Closed
Description
Describe the bug
I have a custom procedure with sleep operation after each major operation. Here is an example procedure -
{% import "benchmark.helpers" as benchmark with context %}
{
"name": "knn-no-train-test",
"default": false,
"schedule": [
{
"operation": {
"name": "delete-target-index",
"operation-type": "delete-index",
"only-if-exists": true,
"index": "{{ target_index_name }}"
}
},
{
"operation": {
"name": "wait-a-minute-or-more-1",
"operation-type": "sleep",
"duration": {{ wait_time_in_sec }}
}
},
{
"operation": {
"name": "create-target-index",
"operation-type": "create-index",
"index": "{{ target_index_name }}"
}
},
{
"operation": {
"name": "wait-a-minute-or-more-2",
"operation-type": "sleep",
"duration": {{ wait_time_in_sec }}
}
},
{
"operation": {
"name": "custom-vector-bulk",
"operation-type": "custom-vector-bulk",
"index": "{{ target_index_name }}",
"field": "{{ target_field_name }}",
"bulk_size": {{ target_index_bulk_size }},
"data_set_format": "{{ target_index_bulk_index_data_set_format }}",
"data_set_path": "{{ target_index_bulk_index_data_set_path }}",
"num_vectors": {{ target_index_num_vectors }},
"timeout": "{{ timeout }}"
},
"clients": {{ target_index_bulk_index_clients }}
},
{
"operation": {
"name": "wait-a-minute-or-more-3",
"operation-type": "sleep",
"duration": {{ wait_time_in_sec }}
}
}
]
}
When i run this -
____ _____ __ ____ __ __
/ __ \____ ___ ____ / ___/___ ____ ___________/ /_ / __ )___ ____ _____/ /_ ____ ___ ____ ______/ /__
/ / / / __ \/ _ \/ __ \\__ \/ _ \/ __ `/ ___/ ___/ __ \ / __ / _ \/ __ \/ ___/ __ \/ __ `__ \/ __ `/ ___/ //_/
/ /_/ / /_/ / __/ / / /__/ / __/ /_/ / / / /__/ / / / / /_/ / __/ / / / /__/ / / / / / / / / /_/ / / / ,<
\____/ .___/\___/_/ /_/____/\___/\__,_/_/ \___/_/ /_/ /_____/\___/_/ /_/\___/_/ /_/_/ /_/ /_/\__,_/_/ /_/|_|
/_/
[INFO] [Test Execution ID]: b07200c1-b031-4fd7-b6ab-c379ceb4c40e
[WARNING] Local changes in [/Users/gramadur/.benchmark/benchmarks/workloads/default] prevent workloads update from remote. Please commit your changes.

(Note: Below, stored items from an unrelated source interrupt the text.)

(* Let $D\ge1$, let $Q_D$ be the $D$-dimensional hypercube on $X=\{0,1\}^D$ with adjacency matrix $A$, and let $E_1V$ be the eigenspace of $A$ in $V=\mathbb{R}^X$ for the eigenvalue $D-2$. Every antisymmetric $A$-like matrix $B$ leaves $E_1V$ invariant, and the restriction map $B\mapsto B|_{E_1V}$, from the space of antisymmetric $A$-like matrices to the space of linear maps $T:E_1V\to E_1V$ satisfying $\langle Tu,w\rangle=-\langle u,Tw\rangle$ for all $u,w\in E_1V$, is injective.
   Context: $Q_D$ is the graph with vertex set $X=\{0,1\}^D$, two vertices adjacent iff they differ in exactly one coordinate. Matrices are real with rows and columns indexed by $X$ and act on $V=\mathbb{R}^X$, with inner product $\langle u,w\rangle=u^tw$. A matrix $B$ is $A$-like if $BA=AB$ and $B_{xy}=0$ for all $x,y\in X$ that are neither equal nor adjacent; it is antisymmetric if $B^t=-B$. *)

From HB Require Import structures.
From mathcomp Require Import all_boot all_order all_algebra.
From mathcomp Require Export reals.
Set Implicit Arguments. Unset Strict Implicit. Unset Printing Implicit Defensive.
Import Order.TTheory GRing.Theory Num.Theory.
Local Open Scope ring_scope.

Notation cube D := {ffun 'I_D -> bool}.

(* Matrices with rows/columns indexed by X: square matrices of size |X|,
   where index i : 'I_#|X| stands for the vertex enum_val i. *)
Notation nX D := #|{: cube D}|.

Definition hadj (D : nat) (x y : cube D) : bool := #|[set i | x i != y i]| == 1%N.

Definition adjA (R : nzRingType) (D : nat) : 'M[R]_(nX D) :=
  \matrix_(i, j) (hadj (enum_val i) (enum_val j))%:R.

Definition A_like (R : nzRingType) (D : nat) (B : 'M[R]_(nX D)) : Prop :=
  B *m adjA R D = adjA R D *m B /\
  forall i j : 'I_(nX D),
    enum_val i != enum_val j -> ~~ hadj (enum_val i) (enum_val j) -> B i j = 0.

Definition antisym (R : nzRingType) (n : nat) (B : 'M[R]_n) : Prop := B^T = - B.

Definition inE1 (R : nzRingType) (D : nat) (v : 'cV[R]_(nX D)) : Prop :=
  adjA R D *m v = (D%:R - 2) *: v.

Definition ip (R : nzRingType) (n : nat) (u w : 'cV[R]_n) : R := (u^T *m w) 0 0.

From mathcomp Require Import all_boot all_order all_algebra reals ring.
Set Implicit Arguments. Unset Strict Implicit. Unset Printing Implicit Defensive.
Import GRing.Theory Num.Theory.
Local Open Scope ring_scope.

(* The coordinate characters [chi k : x |-> (-1)^(x k)] lie in [E_1 V].  An
   antisymmetric A-like [B] is supported on the edges of [Q_D], and comparing
   the diagonals of [BA] and [AB] shows that its rows sum to zero; hence
   [(B chi_k) x = -2 chi_k(x) B(x, x + e_k)].  So if [B] vanishes on [E_1 V],
   every edge entry of [B] vanishes and [B = 0]; injectivity follows by
   applying this to [B1 - B2].  Invariance of [E_1 V] only uses [BA = AB]. *)

Section HypercubeNeighbours.
Variable D : nat.

Definition flip (x : cube D) (j : 'I_D) : cube D := [ffun i => x i (+) (i == j)].

Lemma eq_flip (x y : cube D) j :
  (y == flip x j) = ([set i | x i != y i] == [set j]).
Proof.
apply/eqP/eqP => [->|/setP xy_j].
  by apply/setP => i; rewrite !inE ffunE; case: (x i); case: (i == j).
apply/ffunP => i; move: (xy_j i); rewrite !inE ffunE.
by case: (x i); case: (y i); case: (i == j).
Qed.

Lemma hadj_sym (x y : cube D) : hadj x y = hadj y x.
Proof. by rewrite /hadj; congr (_ == _); apply: eq_card => i; rewrite !inE eq_sym. Qed.

Lemma hadjP (x y : cube D) : reflect (exists j, y = flip x j) (hadj x y).
Proof.
apply: (iffP cards1P) => -[j xy_j]; exists j; apply/eqP.
  by rewrite eq_flip xy_j.
by rewrite -eq_flip xy_j.
Qed.

Lemma hadj_sum_flip (R : pzSemiRingType) (x y : cube D) :
  (hadj x y)%:R = \sum_j ((y == flip x j)%:R : R).
Proof.
under eq_bigr do rewrite eq_flip.
case: (boolP (hadj x y)) => [/cards1P[j0 ->]|not_adj].
  rewrite (bigD1 j0) //= eqxx big1 ?addr0 // => j /negbTE j_neq.
  by rewrite eqEcard sub1set !inE eq_sym j_neq.
rewrite big1 // => j _; case: eqP => // xy_j.
by move: not_adj; rewrite /hadj xy_j cards1.
Qed.

Lemma sum_hadj (R : pzSemiRingType) (x : cube D) (g : cube D -> R) :
  \sum_y (hadj x y)%:R * g y = \sum_j g (flip x j).
Proof.
under eq_bigr do rewrite hadj_sum_flip mulr_suml.
rewrite exchange_big /=; apply: eq_bigr => j _.
rewrite (bigD1 (flip x j)) //= eqxx mul1r big1 ?addr0 // => y /negbTE ->.
by rewrite mul0r.
Qed.

End HypercubeNeighbours.

Section Antisymmetric.
Variables (R : numDomainType) (n : nat).
Implicit Types (B : 'M[R]_n) (u w : 'cV[R]_n).

Lemma antisymE B i j : antisym B -> B j i = - B i j.
Proof. by move/matrixP/(_ i j); rewrite !mxE. Qed.

Lemma antisym_diag B i : antisym B -> B i i = 0.
Proof. by move/(antisymE i i)/esym/eqP; rewrite eqNr => /eqP. Qed.

Lemma antisymB B1 B2 : antisym B1 -> antisym B2 -> antisym (B1 - B2).
Proof. by rewrite /antisym => A1 A2; rewrite linearB /= A1 A2 opprD. Qed.

Lemma ip_antisym B u w : antisym B -> ip (B *m u) w = - ip u (B *m w).
Proof. by rewrite /ip trmx_mul => ->; rewrite mulmxN mulNmx mulmxA mxE. Qed.

End Antisymmetric.

Section AdjacencyMatrix.
Variables (R : numDomainType) (D : nat).

Lemma commute_inE1 (B : 'M[R]_(nX D)) v :
  B *m adjA R D = adjA R D *m B -> inE1 v -> inE1 (B *m v).
Proof. by rewrite /inE1 mulmxA => <- Ev; rewrite -mulmxA Ev scalemxAr. Qed.

Lemma A_likeB (B1 B2 : 'M[R]_(nX D)) : A_like B1 -> A_like B2 -> A_like (B1 - B2).
Proof.
move=> [comm1 supp1] [comm2 supp2]; split; first by rewrite mulmxBl mulmxBr comm1 comm2.
by move=> i j neq not_adj; rewrite !mxE supp1 ?supp2 ?subr0.
Qed.

Lemma adjA_mul_col (f : cube D -> R) i :
  (adjA R D *m \col_l f (enum_val l)) i 0 = \sum_j f (flip (enum_val i) j).
Proof.
rewrite mxE; under eq_bigr do rewrite !mxE.
by rewrite -(big_enum_val (fun y => (hadj (enum_val i) y)%:R * f y)%R) sum_hadj.
Qed.

Definition sign (k : 'I_D) (x : cube D) : R := (-1) ^+ x k.

Definition chi (k : 'I_D) : 'cV[R]_(nX D) := \col_i sign k (enum_val i).

Lemma sign_flip k x j : sign k (flip x j) = (-1) ^+ (k == j) * sign k x.
Proof. by rewrite /sign ffunE signr_addb mulrC. Qed.

Lemma sum_sign_eq (k : 'I_D) : \sum_j ((-1) ^+ (k == j) : R) = D%:R - 2.
Proof.
under eq_bigr do rewrite signrE.
rewrite sumrB sumr_const card_ord (bigD1 k) //= eqxx big1 ?addr0 // => j.
by rewrite eq_sym => /negbTE ->.
Qed.

Lemma chi_E1 k : inE1 (chi k).
Proof.
apply/matrixP => i l; rewrite ord1 adjA_mul_col !mxE.
under eq_bigr do rewrite sign_flip.
by rewrite -mulr_suml sum_sign_eq.
Qed.

End AdjacencyMatrix.

Arguments sign {R D} k x.
Arguments chi {R D} k.

Section AntisymmetricALike.
Variables (R : numDomainType) (D : nat) (B : 'M[R]_(nX D)).
Hypotheses (B_A_like : A_like B) (B_antisym : antisym B).

Lemma A_like_hadj i l : B i l != 0 -> hadj (enum_val i) (enum_val l).
Proof.
apply: contraR => not_adj; have [<-|neq] := eqVneq i l; first by rewrite antisym_diag.
by apply/eqP; apply: B_A_like.2 => //; rewrite (inj_eq enum_val_inj).
Qed.

Lemma A_like_mulr_hadj i l : B i l * (hadj (enum_val i) (enum_val l))%:R = B i l.
Proof.
by have [->|/A_like_hadj ->] := eqVneq (B i l) 0; rewrite ?mul0r ?mulr1.
Qed.

Lemma A_like_row_sum (g : cube D -> R) i :
  \sum_l B i l * g (enum_val l) =
  \sum_j B i (enum_rank (flip (enum_val i) j)) * g (flip (enum_val i) j).
Proof.
rewrite -(sum_hadj (enum_val i) (fun y => B i (enum_rank y) * g y)) [RHS]big_enum_val.
by apply: eq_bigr => l _; rewrite enum_valK mulrA [_ * B i l]mulrC A_like_mulr_hadj.
Qed.

Lemma A_like_rowsum0 i : \sum_l B i l = 0.
Proof.
set s := \sum_l B i l.
have BA : (B *m adjA R D) i i = s.
  by rewrite mxE; apply: eq_bigr => l _; rewrite mxE hadj_sym A_like_mulr_hadj.
have AB : (adjA R D *m B) i i = - s.
  rewrite mxE -sumrN; apply: eq_bigr => l _.
  by rewrite mxE (antisymE i l B_antisym) mulrN mulrC A_like_mulr_hadj.
have /matrixP/(_ i i) := B_A_like.1.
by rewrite BA AB => /eqP; rewrite eq_sym eqNr => /eqP.
Qed.

Lemma A_like_mul_chi k i :
  (B *m chi k) i 0 = - 2 * sign k (enum_val i) * B i (enum_rank (flip (enum_val i) k)).
Proof.
set x := enum_val i.
have sum_flip : \sum_j B i (enum_rank (flip x j)) = 0.
  rewrite -[RHS](A_like_rowsum0 i); under [RHS]eq_bigr do rewrite -(mulr1 (B i _)).
  by rewrite (A_like_row_sum (fun=> 1)) /=; under [RHS]eq_bigr do rewrite mulr1.
have sum_other : \sum_(j | j != k) B i (enum_rank (flip x j)) = - B i (enum_rank (flip x k)).
  by apply/eqP; move: sum_flip; rewrite (bigD1 k) //= addrC => /eqP; rewrite addr_eq0.
rewrite mxE; under eq_bigr do rewrite mxE.
rewrite A_like_row_sum (bigD1 k) //=.
under eq_bigr => j ne_jk do rewrite sign_flip eq_sym (negbTE ne_jk) expr0 mul1r.
rewrite -mulr_suml sum_other sign_flip eqxx expr1; ring.
Qed.

Lemma A_like_antisym_eq0 : (forall k, B *m chi k = 0) -> B = 0.
Proof.
move=> B_chi; apply/matrixP => i l; rewrite mxE; apply/eqP; apply: contraT => nz_il.
have /hadjP[k xl] := A_like_hadj nz_il.
move: nz_il; rewrite -[l]enum_valK xl => nz_il.
have /matrixP/(_ i 0) := B_chi k; rewrite A_like_mul_chi mxE => /eqP.
by rewrite !mulf_eq0 oppr_eq0 pnatr_eq0 /sign signr_eq0 (negbTE nz_il).
Qed.

End AntisymmetricALike.

Theorem lemma9p2 (R : realType) (D : nat) (hD : (1 <= D)%N) :
  (forall B : 'M[R]_(nX D), A_like B -> antisym B ->
     forall v, inE1 v -> inE1 (B *m v)) /\
  (forall B : 'M[R]_(nX D), A_like B -> antisym B ->
     forall u w, inE1 u -> inE1 w -> ip (B *m u) w = - ip u (B *m w)) /\
  (forall B1 B2 : 'M[R]_(nX D), A_like B1 -> antisym B1 -> A_like B2 -> antisym B2 ->
     (forall v, inE1 v -> B1 *m v = B2 *m v) -> B1 = B2).
Proof.
split; [|split].
- by move=> B [comm _] _ v; apply: commute_inE1.
- by move=> B _ B_antisym u w _ _; apply: ip_antisym.
- move=> B1 B2 L1 A1 L2 A2 eq_on_E1; apply/eqP; rewrite -subr_eq0; apply/eqP.
  apply: A_like_antisym_eq0 (A_likeB L1 L2) (antisymB A1 A2) _ => k.
  by rewrite mulmxBl eq_on_E1 ?subrr //; apply: chi_E1.
Qed.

[WARNING] Local changes in [/Users/gramadur/.benchmark/benchmarks/workloads/default] prevent workloads update from remote. Please commit your changes.

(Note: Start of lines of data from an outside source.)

Lemma in_Ep_three x y : in_Ep 3 x y <->
     exists a b : nat, 0 < a /\ 0 < b /\
       (same2 x y (2 ^ (a - 1) * 3 ^ b) (2 ^ (a - 1) * 3 ^ (b + 1)) \/
           same2 x y (2 ^ (a - 1) * 3 ^ b) (2 ^ (a - 1) * 3 ^ (b + 2)) \/
           same2 x y (2 ^ (a - 1) * 3 ^ b) (2 ^ a * 3 ^ b) \/
           same2 x y (2 ^ (a - 1) * 3 ^ b) (2 ^ (a + 1) * 3 ^ b) \/
           same2 x y (2 ^ (a - 1) * 3 ^ (b + 1)) (2 ^ (a + 1) * 3 ^ b) \/
           same2 x y (2 ^ a * 3 ^ b) (2 ^ (a - 1) * 3 ^ (b + 1)) \/
           same2 x y (2 ^ (a + 2) * 3 ^ b) (2 ^ (a - 1) * 3 ^ (b + 2))).
Proof.
rewrite in_Ep_scaled //; apply: exists_pos2_iff => -[//|a] b _ _; split.
- case=> u [w [/primitive_pair_three pr E]].
  case: pr E => [[-> ->]|[[-> ->]|[[-> ->]|[[-> ->]|[[-> ->]|[[-> ->]|[-> ->]]]]]]] E;
    [left | right; left | do 2!right; left | do 3!right; left | do 4!right; left
    | do 5!right; left | do 6!right]; by apply: (same2_eq E); exp_arith.
- case=> [E|[E|[E|[E|[E|[E|E]]]]]];
    [exists 1, 3 | exists 1, 9 | exists 1, 2 | exists 1, 4
    | exists 3, 4 | exists 2, 3 | exists 8, 9];
    by rewrite primitive_pair_three; split; [tauto | apply: (same2_eq E); exp_arith].
Qed.

Lemma primitive_pair_fermat p m : p = 2 ^ m + 1 -> 3 < p -> forall u w,
  primitive_pair p u w <-> u = 1 /\ w = p \/ u = 1 /\ w = 2 \/ u = 2 ^ m /\ w = p.
Proof.
move=> ep p_gt3 u w; split=> [|[[-> ->]|[[-> ->]|[-> ->]]]].
- case=> [[-> ->]|[s [es [[->|->] ->]]]|[s [es _]]|[p3 _]]; try tauto.
  + have -> : s = m by apply: (@expnI 2) => //; lia.
    tauto.
  + by move: p_gt3; rewrite (fermat_mersenne_eq3 ep es).
  + by move: p_gt3; rewrite p3.
- by apply: Or42; exists m; tauto.
- exact: Or41.
- by apply: Or42; exists m; tauto.
Qed.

[WARNING] Local changes in [/Users/gramadur/.benchmark/benchmarks/workloads/default] prevent workloads update from remote. Please commit your changes.

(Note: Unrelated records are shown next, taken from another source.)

(* Let $\alpha>0$ and, for $u_0:\mathbb{R}\to\mathbb{R}$, let $u^*(x)=\sup_{t>0,\ |y-x|\leq\alpha t}P(\cdot,t)*|u_0|(y)$ with $P(x,t)=\frac{1}{\pi}\frac{t}{x^2+t^2}$. (i) If $u_0\in C(\mathbb{R})\cap L^p(\mathbb{R})$ for some $1\leq p<\infty$, then $u^*\in C(\mathbb{R})$. (ii) If $u_0$ is bounded and Lipschitz continuous, then $u^*$ is bounded and Lipschitz continuous with $\mathrm{Lip}(u^* )\leq\mathrm{Lip}(u_0)$.
   Context: $\mathrm{Lip}(u)=\sup_{x\neq y}|u(x)-u(y)|/|x-y|$. *)

From HB Require Import structures.
From mathcomp Require Import all_boot all_order all_algebra.
From mathcomp Require Import all_classical all_reals all_analysis.
Set Implicit Arguments. Unset Strict Implicit. Unset Printing Implicit Defensive.
Import Order.TTheory GRing.Theory Num.Theory.
Import numFieldNormedType.Exports.
Local Open Scope classical_set_scope.
Local Open Scope ring_scope.

Definition poisson {R : realType} (x t : R) : R :=
  pi^-1 * (t / (x ^+ 2 + t ^+ 2)).

Definition poisson_conv_abs {R : realType} (u0 : R -> R) (t y : R) : \bar R :=
  (\int[@lebesgue_measure R]_(z in setT) (poisson (y - z) t * `|u0 z|)%:E)%E.

Definition ntmax {R : realType} (alpha : R) (u0 : R -> R) (x : R) : \bar R :=
  ereal_sup [set e : \bar R | exists t y : R,
               [/\ 0 < t, `|y - x| <= alpha * t & e = poisson_conv_abs u0 t y]].

Definition Lip {R : realType} (u : R -> R) : \bar R :=
  ereal_sup [set e : \bar R | exists x y : R,
               x != y /\ e = (`|u x - u y| / `|x - y|)%:E].

From HB Require Import structures.
From mathcomp Require Import all_boot all_order all_algebra.
From mathcomp Require Import all_classical all_reals all_analysis.
From mathcomp Require Import ring lra measurable_realfun.
Set Implicit Arguments. Unset Strict Implicit. Unset Printing Implicit Defensive.
Import Order.TTheory GRing.Theory Num.Theory.
Import numFieldNormedType.Exports.
Local Open Scope classical_set_scope.
Local Open Scope ring_scope.

(** (i) Split the kernel at distance A from y.  Near y, |u0| is controlled by
  its values there; far from y, P(., t) <= t / (pi A^2) and
  a <= e + e^(1-p) a^p bound the contribution by e + e^(1-p) t / (pi A^2) ||u0||_p^p.
  Hence P_t * |u0| is uniformly small for large t, and for t <= T it is locally
  bounded and equicontinuous in y (take A large and use uniform continuity of
  u0 on a compact interval).  Translating x translates the whole cone, so u*
  is finite and continuous.
  (ii) P_t has integral 1, so P_t * |u0| <= sup |u0|, and
  |u0 z| <= |u0 (z + h)| + L |h| gives P_t * |u0| (y) <= P_t * |u0| (y + h) + L |h|;
  translating the cone again gives Lip(u* ) <= L = Lip(u0). *)

Section change_of_variables.
Variable R : realType.
Local Notation mu := (@lebesgue_measure R).

Lemma ge0_integral_shift (G : R -> R) (c : R) :
  continuous G -> (forall x, 0 <= G x) ->
  (\int[mu]_(z in setT) (G z)%:E = \int[mu]_(z in setT) (G (z + c))%:E)%E.
Proof.
move=> cG G0.
have dF : ((fun x : R => x + c)^`())%classic = cst 1.
  by apply/funext => z; rewrite derive1E deriveD// derive_id derive_cst addr0.
rewrite (@increasing_ge0_integration_by_substitutionT _ (fun x => x + c) G) //.
- by apply: eq_integral => x _; rewrite dF /= mulr1.
- by move=> x y xy; rewrite ltrD2r.
- by rewrite dF; exact: cst_continuous.
- by rewrite dF; exact: is_cvg_cst.
- by rewrite dF; exact: is_cvg_cst.
- exact: cvg_addrr_Ny.
- exact: cvg_addrr.
Qed.

Lemma ge0_integral_scale (G : R -> R) (t : R) :
  0 < t -> continuous G -> (forall x, 0 <= G x) ->
  (\int[mu]_(z in setT) (G z)%:E = \int[mu]_(z in setT) (G (t * z) * t)%:E)%E.
Proof.
move=> t0 cG G0.
have dF : ((fun x : R => t * x)^`())%classic = cst t.
  apply/funext => z; rewrite derive1E.
  have := @deriveZ R R R id t z 1 (@derivable_id R R z 1).
  by rewrite derive_id /= => h; rewrite -[RHS]mulr1; exact: h.
rewrite (@increasing_ge0_integration_by_substitutionT _ (fun x => t * x) G) //.
- by apply: eq_integral => x _; rewrite dF.
- by move=> x y xy; rewrite ltr_pM2l.
- by rewrite dF; exact: cst_continuous.
- by rewrite dF; exact: is_cvg_cst.
- by rewrite dF; exact: is_cvg_cst.
- by apply/cvgrNyPle => A; near=> x; rewrite -ler_pdivlMl.
- by apply/cvgryPge => A; near=> x; rewrite -ler_pdivrMl.
Unshelve. all: by end_near. Qed.

End change_of_variables.

Lemma continuous_shift {R : realType} (f : R -> R) (d : R) :
  continuous f -> continuous (fun z => f (z + d)).
Proof.
move=> cf z; apply: continuous_comp; last exact: cf.
by apply: cvgD; [exact: cvg_id | exact: cvg_cst].
Qed.

Section poisson_kernel.
Variable R : realType.
Local Notation mu := (@lebesgue_measure R).
Implicit Types x t : R.

Lemma poissonN x t : poisson (- x) t = poisson x t.
Proof. by rewrite /poisson sqrrN. Qed.

Lemma poisson_ge0 x t : 0 < t -> 0 <= poisson x t.
Proof.
move=> t0; rewrite /poisson mulr_ge0 ?invr_ge0 ?pi_ge0 // divr_ge0 ?ltW //.
by rewrite ltr_wpDl ?sqr_ge0 // exprn_gt0.
Qed.

Lemma continuous_poisson t : 0 < t -> continuous (poisson ^~ t).
Proof.
move=> t0 x; apply: cvgM; first exact: cvg_cst.
apply: cvgM; first exact: cvg_cst.
apply: cvgV; first by rewrite gt_eqF // ltr_wpDl ?sqr_ge0 // exprn_gt0.
by apply: cvgD; [exact: exprn_continuous | exact: cvg_cst].
Qed.

Lemma integral_poisson t : 0 < t ->
  (\int[mu]_(x in setT) (poisson x t)%:E = 1%:E)%E.
Proof.
move=> t0.
have pi_neq0 : (pi : R) != 0 by rewrite gt_eqF // pi_gt0.
have oneDsqr_gt0 x : 0 < oneDsqr x by rewrite (lt_le_trans ltr01) // oneDsqr_ge1.
have rescale x : poisson (t * x) t * t = pi^-1 * (oneDsqr x)^-1.
  have d_neq0 : (t * x) ^+ 2 + t ^+ 2 != 0.
    by rewrite gt_eqF // ltr_wpDl ?sqr_ge0 // exprn_gt0.
  have := oneDsqr_gt0 x; rewrite /poisson /oneDsqr => /gt_eqF/negbT o_neq0.
  by rewrite -mulrA; congr (_ * _); field; rewrite o_neq0 d_neq0.
rewrite (@ge0_integral_scale _ (poisson ^~ t) t) //; last 2 first.
- exact: continuous_poisson.
- by move=> x; exact: poisson_ge0.
under eq_integral do rewrite rescale EFinM.
rewrite ge0_integralZl_EFin //; last 2 first.
- apply/measurable_EFinP; apply: continuous_measurable_fun.
  exact: continuous_oneDsqrV.
- by rewrite invr_ge0 pi_ge0.
rewrite ge0_symfun_integralT; last 3 first.
- by move=> x; rewrite invr_ge0 ltW.
- exact: continuous_oneDsqrV.
- by move=> x /=; rewrite /oneDsqr sqrrN.
rewrite -set_itvcy integral0y_oneDsqr -!EFinM.
by rewrite [2 * _]mulrC -mulrA mulVf ?pnatr_eq0 // mulr1 mulVf.
Qed.

Lemma poisson_le_inv t x : 0 < t -> poisson x t <= pi^-1 * t^-1.
Proof.
move=> t0; rewrite /poisson ler_wpM2l ?invr_ge0 ?pi_ge0 //.
rewrite ler_pdivrMr; last by rewrite ltr_wpDl ?sqr_ge0 ?exprn_gt0.
rewrite mulrDr [t ^+ 2]expr2 mulKf ?gt_eqF // lerDr.
by rewrite mulr_ge0 ?invr_ge0 ?sqr_ge0 // ltW.
Qed.

Lemma poisson_le_tail t T A x : 0 < t -> t <= T -> 0 < A -> A < `|x| ->
  poisson x t <= pi^-1 * (T / A ^+ 2).
Proof.
move=> t0 tT A0 Ax; rewrite /poisson ler_wpM2l ?invr_ge0 ?pi_ge0 //.
have Ax2 : A ^+ 2 <= x ^+ 2.
  by rewrite -(real_normK (num_real x)); have := ltW Ax; nra.
apply: (@le_trans _ _ (t / A ^+ 2)); last by rewrite ler_wpM2r ?invr_ge0 ?sqr_ge0.
rewrite ler_wpM2l ?(ltW t0) // lef_pV2 ?posrE ?exprn_gt0 //.
  by rewrite (le_trans Ax2) // lerDl sqr_ge0.
by rewrite ltr_wpDl ?sqr_ge0 ?exprn_gt0.
Qed.

End poisson_kernel.

Lemma ler_eps_powR {R : realType} (a e p : R) : 0 <= a -> 0 < e -> 1 <= p ->
  a <= e + (e `^ (p - 1))^-1 * a `^ p.
Proof.
move=> a0 e0 p1.
have [ae|ea] := leP a e.
  by rewrite ler_wpDr // mulr_ge0 ?invr_ge0 ?powR_ge0.
have a_gt0 : 0 < a by rewrite (lt_trans e0).
rewrite -(mulr_powRB1 (ltW a_gt0)); last exact: lt_le_trans ltr01 p1.
apply: ler_wpDl; first exact: ltW.
rewrite mulrCA ler_pMr // ler_pdivlMl ?powR_gt0 // mulr1.
by apply: ge0_ler_powR; rewrite ?nnegrE ?subr_ge0 // ltW.
Qed.

Lemma ler_mul_near_far {R : realType} (P a b e p K : R) :
  0 <= P -> 0 <= a -> 0 <= b -> 0 < e -> 1 <= p -> 0 <= K ->
  a <= b \/ P <= K -> P * a <= P * (b + e) + (e `^ (p - 1))^-1 * K * a `^ p.
Proof.
move=> P0 a0 b0 e0 p1 K0; set c := (e `^ (p - 1))^-1.
have cap0 : 0 <= c * a `^ p by rewrite mulr_ge0 ?invr_ge0 ?powR_ge0.
have eP0 := mulr_ge0 (ltW e0) P0.
case=> [ab|PK].
  have Pab := ler_wpM2l P0 ab; have Kcap0 := mulr_ge0 K0 cap0; nra.
have Pa := ler_wpM2l P0 (ler_eps_powR a0 e0 p1); have PKcap := ler_wpM2r cap0 PK.
have Pb0 := mulr_ge0 P0 b0; rewrite -/c in Pa; nra.
Qed.

Definition poisson_conv {R : realType} (g : R -> R) (t y : R) : \bar R :=
  (\int[@lebesgue_measure R]_(z in setT) (poisson (y - z) t * g z)%:E)%E.

Section poisson_convolution.
Variables (R : realType) (t : R).
Hypothesis t_gt0 : 0 < t.
Local Notation mu := (@lebesgue_measure R).
Implicit Types (g h : R -> R) (y : R).

Lemma continuous_poisson_sub y : continuous (fun z => poisson (y - z) t).
Proof.
move=> z; apply: (@continuous_comp _ _ _ (fun z : R => y - z) (poisson ^~ t)).
  by apply: cvgB; [exact: cvg_cst | exact: cvg_id].
exact: continuous_poisson.
Qed.

Lemma measurable_poisson_mul g y : continuous g ->
  measurable_fun setT (fun z : R => (poisson (y - z) t * g z)%:E).
Proof.
move=> cg; apply/measurable_EFinP; apply: continuous_measurable_fun => z.
by apply: cvgM; [exact: continuous_poisson_sub | exact: cg].
Qed.

Lemma poisson_conv_ge0 g y : (forall z, 0 <= g z) -> (0 <= poisson_conv g t y)%E.
Proof.
by move=> g0; apply: integral_ge0 => z _; rewrite lee_fin mulr_ge0 ?poisson_ge0.
Qed.

Lemma integral_poisson_sub y :
  (\int[mu]_(z in setT) (poisson (y - z) t)%:E = 1%:E)%E.
Proof.
rewrite (@ge0_integral_shift _ (fun z => poisson (y - z) t) y); last 2 first.
- exact: continuous_poisson_sub.
- by move=> z; exact: poisson_ge0.
under eq_integral do rewrite opprD addrCA subrr addr0 poissonN.
exact: integral_poisson.
Qed.

Lemma poisson_conv_cst y (B : R) : 0 <= B -> poisson_conv (fun=> B) t y = B%:E.
Proof.
move=> B0; rewrite /poisson_conv; under eq_integral do rewrite mulrC EFinM.
rewrite ge0_integralZl_EFin //; last 2 first.
- by move=> z _; rewrite lee_fin poisson_ge0.
- by apply/measurable_EFinP; apply: continuous_measurable_fun; exact: continuous_poisson_sub.
by rewrite integral_poisson_sub mule1.
Qed.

[INFO] Executing test with workload [vectorsearch], test_procedure [knn-no-train-test] and provision_config_instance ['external'] with version [None].
Running delete-target-index [100% done]
Running wait-a-minute-or-more-1 [ 0% done]
[ERROR] Cannot execute-test. Benchmark operation failed:
Worker ID: 0
Task: wait-a-minute-or-more-1
Workload: vectorsearch
Test Procedure: knn-no-train-test
Cause: Unknown
Error: Cannot run task [wait-a-minute-or-more-1]: 'request_start'
Cannot run task [wait-a-minute-or-more-1]: 'request_start'
To reproduce
To Reproduce -
I think any of the procedures, if you add a sleep operation like above would lead to this issue.
{
"operation": {
"name": "wait-a-minute-or-more-1",
"operation-type": "sleep",
"duration": {{ wait_time_in_sec }}
}
},
I have provided an example procedure above for an aoss collection.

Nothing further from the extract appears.